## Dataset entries
Content starts
(* Write [v k] for the vertices of the polygon [P] and [w k] for those of its rotation
   [Q] by [PI / (2 m)].  A boundary point [p] of [P] imposes [y . (- p) <= 1] on the
   points [y] of the dual, so the dual is the polar body of the centrally symmetric [P]:
   the region [y . v k <= 1].  The normalisation [a^2 cos (PI / (2 m)) = 1] says that
   [w k . v (S k) = w (S k) . v (S k) = 1] while [w j . v k <= 1] for all [j, k]; hence
   the polar is exactly [Q].  As [a^2 > 1], the vertex [v 0] of [P] violates
   [v 0 . v 0 <= 1], so the dual differs from [P], while the rotation maps [P] onto it. *)

Definition comb (v : nat -> pt) (n : nat) (lam : nat -> R) : pt :=
  (sum_f_R0 (fun k => lam k * fst (v k)) (n - 1),
   sum_f_R0 (fun k => lam k * snd (v k)) (n - 1)).

(* [regular_polygon m a th] unfolds to [hull (vertex m a th) (2 * m)]. *)
Definition hull (v : nat -> pt) (n : nat) (x : pt) : Prop :=
  exists lam : nat -> R,
    (forall k, (k < n)%nat -> 0 <= lam k) /\ sum_f_R0 lam (n - 1) = 1 /\ x = comb v n lam.

Definition indicator (j k : nat) : R := if Nat.eqb k j then 1 else 0.

Lemma sum_indicator j N (f : nat -> R) : (j <= N)%nat ->
  sum_f_R0 (fun k => indicator j k * f k) N = f j.
Proof.
  induction N as [|N IH]; intros le_jN; unfold indicator in *; cbn [sum_f_R0].
  - apply Nat.le_0_r in le_jN. subst j. simpl. ring.
  - destruct (Nat.eqb_spec (S N) j) as [<-|ne].
    + rewrite sum_eq_R0; [ring|]. intros k le_kN.
      destruct (Nat.eqb_spec k (S N)); [lia | ring].
    + rewrite IH by lia. ring.
Qed.

Lemma sum_indicator3 i j l p q r N (f : nat -> R) :
  (i <= N)%nat -> (j <= N)%nat -> (l <= N)%nat ->
  sum_f_R0 (fun k => (p * indicator i k + q * indicator j k + r * indicator l k) * f k) N
  = p * f i + q * f j + r * f l.
Proof.
  intros Hi Hj Hl.
  rewrite (sum_eq _ (fun k => (indicator i k * (p * f k) + indicator j k * (q * f k))
                              + indicator l k * (r * f k))) by (intros; ring).
  rewrite !sum_plus, !sum_indicator by assumption. reflexivity.
Qed.

Lemma dot_comb v n lam c :
  dot (comb v n lam) c = sum_f_R0 (fun k => lam k * dot (v k) c) (n - 1).
Proof.
  unfold comb, dot; cbn [fst snd]. rewrite (Rmult_comm _ (fst c)), (Rmult_comm _ (snd c)).
  rewrite !scal_sum, <- sum_plus. apply sum_eq. intros. ring.
Qed.

Lemma hull_halfplane v n c d x : (0 < n)%nat ->
  (forall k, (k < n)%nat -> dot (v k) c <= d) -> hull v n x -> dot x c <= d.
Proof.
  intros n_pos v_le [lam [lam_ge0 [lam_sum ->]]]. rewrite dot_comb.
  apply Rle_trans with (sum_f_R0 (fun k => lam k * d) (n - 1)).
  - apply sum_Rle. intros k le_k. apply Rmult_le_compat_l; apply lam_ge0 || apply v_le; lia.
  - rewrite <- scal_sum, lam_sum. lra.
Qed.

Lemma hull_comb3 v n i j l p q r : (i < n)%nat -> (j < n)%nat -> (l < n)%nat ->
  0 <= p -> 0 <= q -> 0 <= r -> p + q + r = 1 ->
  hull v n (p * fst (v i) + q * fst (v j) + r * fst (v l),
            p * snd (v i) + q * snd (v j) + r * snd (v l)).
Proof.
  intros Hi Hj Hl Hp Hq Hr sum1.
  exists (fun k => p * indicator i k + q * indicator j k + r * indicator l k).
  split; [|split].
  - intros k _. unfold indicator.
    destruct (Nat.eqb k i), (Nat.eqb k j), (Nat.eqb k l); lra.
  - rewrite (sum_eq _ (fun k => (p * indicator i k + q * indicator j k + r * indicator l k) * 1))
      by (intros; ring).
    rewrite sum_indicator3 by lia. lra.
  - unfold comb. rewrite !sum_indicator3 by lia. reflexivity.
Qed.

Lemma hull_vertex v n k : (k < n)%nat -> hull v n (v k).
Proof.
  intros Hk. destruct (v k) as [x1 x2] eqn:vk.
  replace (x1, x2) with (1 * fst (v k) + 0 * fst (v k) + 0 * fst (v k),
                         1 * snd (v k) + 0 * snd (v k) + 0 * snd (v k))
    by (rewrite vk; cbn [fst snd]; f_equal; ring).
  apply hull_comb3; auto; lra.
Qed.

Definition rot (b : R) (x : pt) : pt :=
  (cos b * fst x - sin b * snd x, sin b * fst x + cos b * snd x).

Lemma dist_rot b x y : Defs.dist (rot b x) (rot b y) = Defs.dist x y.
Proof.
  unfold Defs.dist, rot; cbn [fst snd]. f_equal. pose proof (sin2_cos2 b) as H.
  unfold Rsqr in H.
  replace ((cos b * fst x - sin b * snd x - (cos b * fst y - sin b * snd y)) ^ 2 +
           (sin b * fst x + cos b * snd x - (sin b * fst y + cos b * snd y)) ^ 2)
    with ((sin b * sin b + cos b * cos b) * ((fst x - fst y) ^ 2 + (snd x - snd y) ^ 2))
    by ring.
  rewrite H. ring.
Qed.

Lemma rot_comb b v n lam : rot b (comb v n lam) = comb (fun k => rot b (v k)) n lam.
Proof.
  unfold rot, comb; cbn [fst snd].
  rewrite !scal_sum, <- minus_sum, <- sum_plus.
  f_equal; apply sum_eq; intros; ring.
Qed.

Lemma comb_ext v w n lam : (forall k, v k = w k) -> comb v n lam = comb w n lam.
Proof. intros vw. unfold comb. f_equal; apply sum_eq; intros k _; rewrite vw; reflexivity. Qed.

Lemma congruent_hull_rot v w n b :
  (forall k, w k = rot b (v k)) -> congruent (hull v n) (hull w n).
Proof.
  intros wv. exists (rot b). split; [exact (dist_rot b)|]. intros y. split.
  - intros [lam [lam_ge0 [lam_sum ->]]]. exists (comb v n lam). split.
    + exists lam. auto.
    + rewrite rot_comb. apply comb_ext. intros k. symmetry. apply wv.
  - intros [x [[lam [lam_ge0 [lam_sum ->]]] <-]]. exists lam. split; [|split]; auto.
    rewrite rot_comb. apply comb_ext. intros k. symmetry. apply wv.
Qed.

Definition cross (x y : pt) : R := fst x * snd y - snd x * fst y.

Lemma cross_decomp p q y : cross p q <> 0 ->
  y = (cross y q / cross p q * fst p + cross p y / cross p q * fst q,
       cross y q / cross p q * snd p + cross p y / cross p q * snd q).
Proof.
  intros nz. destruct y as [y1 y2]. unfold cross in *; cbn [fst snd] in *.
  f_equal; field; exact nz.
Qed.

Lemma antiperiodic_sign_change (g : nat -> R) m :
  (forall k, g (k + m)%nat = - g k) -> exists k, 0 <= g k /\ g (S k) <= 0.
Proof.
  intros anti. apply NNPP. intros no_change.
  assert (step : forall k, 0 <= g k -> 0 < g (S k)).
  { intros k gk. apply Rnot_le_lt. intros gSk. apply no_change. exists k. auto. }
  assert (stays_pos : forall s i, 0 < g s -> 0 < g (s + i)%nat).
  { intros s i gs. induction i as [|i IH]; [rewrite Nat.add_0_r; exact gs|].
    rewrite Nat.add_succ_r. apply step. lra. }
  destruct (Rle_lt_dec 0 (g 0%nat)) as [g0|g0].
  - pose proof (stays_pos 1%nat m (step 0%nat g0)) as H. rewrite anti in H.
    pose proof (step 0%nat g0). lra.
  - assert (gm : 0 < g m) by (pose proof (anti 0%nat) as H; simpl in H; lra).
    pose proof (stays_pos m m gm) as H. rewrite anti in H. lra.
Qed.
Definition up_force (fs : list force) (k : nat) : R :=
  sumR (map (fun F => if Nat.eqb (f_up F) k then f_mag F else 0) fs).
Definition down_force (fs : list force) (k : nat) : R :=
  sumR (map (fun F => match f_down F with
                      | Some j => if Nat.eqb j k then f_mag F else 0
                      | None => 0 end) fs).
Definition up_moment (fs : list force) (k : nat) : R :=
  sumR (map (fun F => if Nat.eqb (f_up F) k then f_mag F * f_pos F else 0) fs).
Definition down_moment (fs : list force) (k : nat) : R :=
  sumR (map (fun F => match f_down F with
                      | Some j => if Nat.eqb j k then f_mag F * f_pos F else 0
                      | None => 0 end) fs).

(* Balanced: forces (finitely many point forces, each >= 0, acting at points
   of contact sets between a block and something it rests on) such that every
   block has zero total force and zero total moment (weight 1 at x_i + 1/2). *)
Definition balanced (h : R) (n : nat) (x y : nat -> R) : Prop :=
  exists fs : list force,
    (forall F, In F fs ->
       (f_up F < n)%nat /\
       match f_down F with Some j => (j < n)%nat | None => True end /\
       rests_on h x y (f_up F) (f_down F) /\
       in_contact x (f_up F) (f_down F) (f_pos F) /\
       0 <= f_mag F) /\
    (forall k, (k < n)%nat ->
       up_force fs k - down_force fs k - 1 = 0 /\
       up_moment fs k - down_moment fs k - (x k + 1/2) = 0).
Content ends
## Task details
Beginning at the line with "by (rewrite vk;" and ending at the line with "Lemma rot_comb b", reproduce each line of the data above exactly, and add no other lines.

## Result of this task
    by (rewrite vk; cbn [fst snd]; f_equal; ring).
  apply hull_comb3; auto; lra.
Qed.

Definition rot (b : R) (x : pt) : pt :=
  (cos b * fst x - sin b * snd x, sin b * fst x + cos b * snd x).

Lemma dist_rot b x y : Defs.dist (rot b x) (rot b y) = Defs.dist x y.
Proof.
  unfold Defs.dist, rot; cbn [fst snd]. f_equal. pose proof (sin2_cos2 b) as H.
  unfold Rsqr in H.
  replace ((cos b * fst x - sin b * snd x - (cos b * fst y - sin b * snd y)) ^ 2 +
           (sin b * fst x + cos b * snd x - (sin b * fst y + cos b * snd y)) ^ 2)
    with ((sin b * sin b + cos b * cos b) * ((fst x - fst y) ^ 2 + (snd x - snd y) ^ 2))
    by ring.
  rewrite H. ring.
Qed.

Lemma rot_comb b v n lam : rot b (comb v n lam) = comb (fun k => rot b (v k)) n lam.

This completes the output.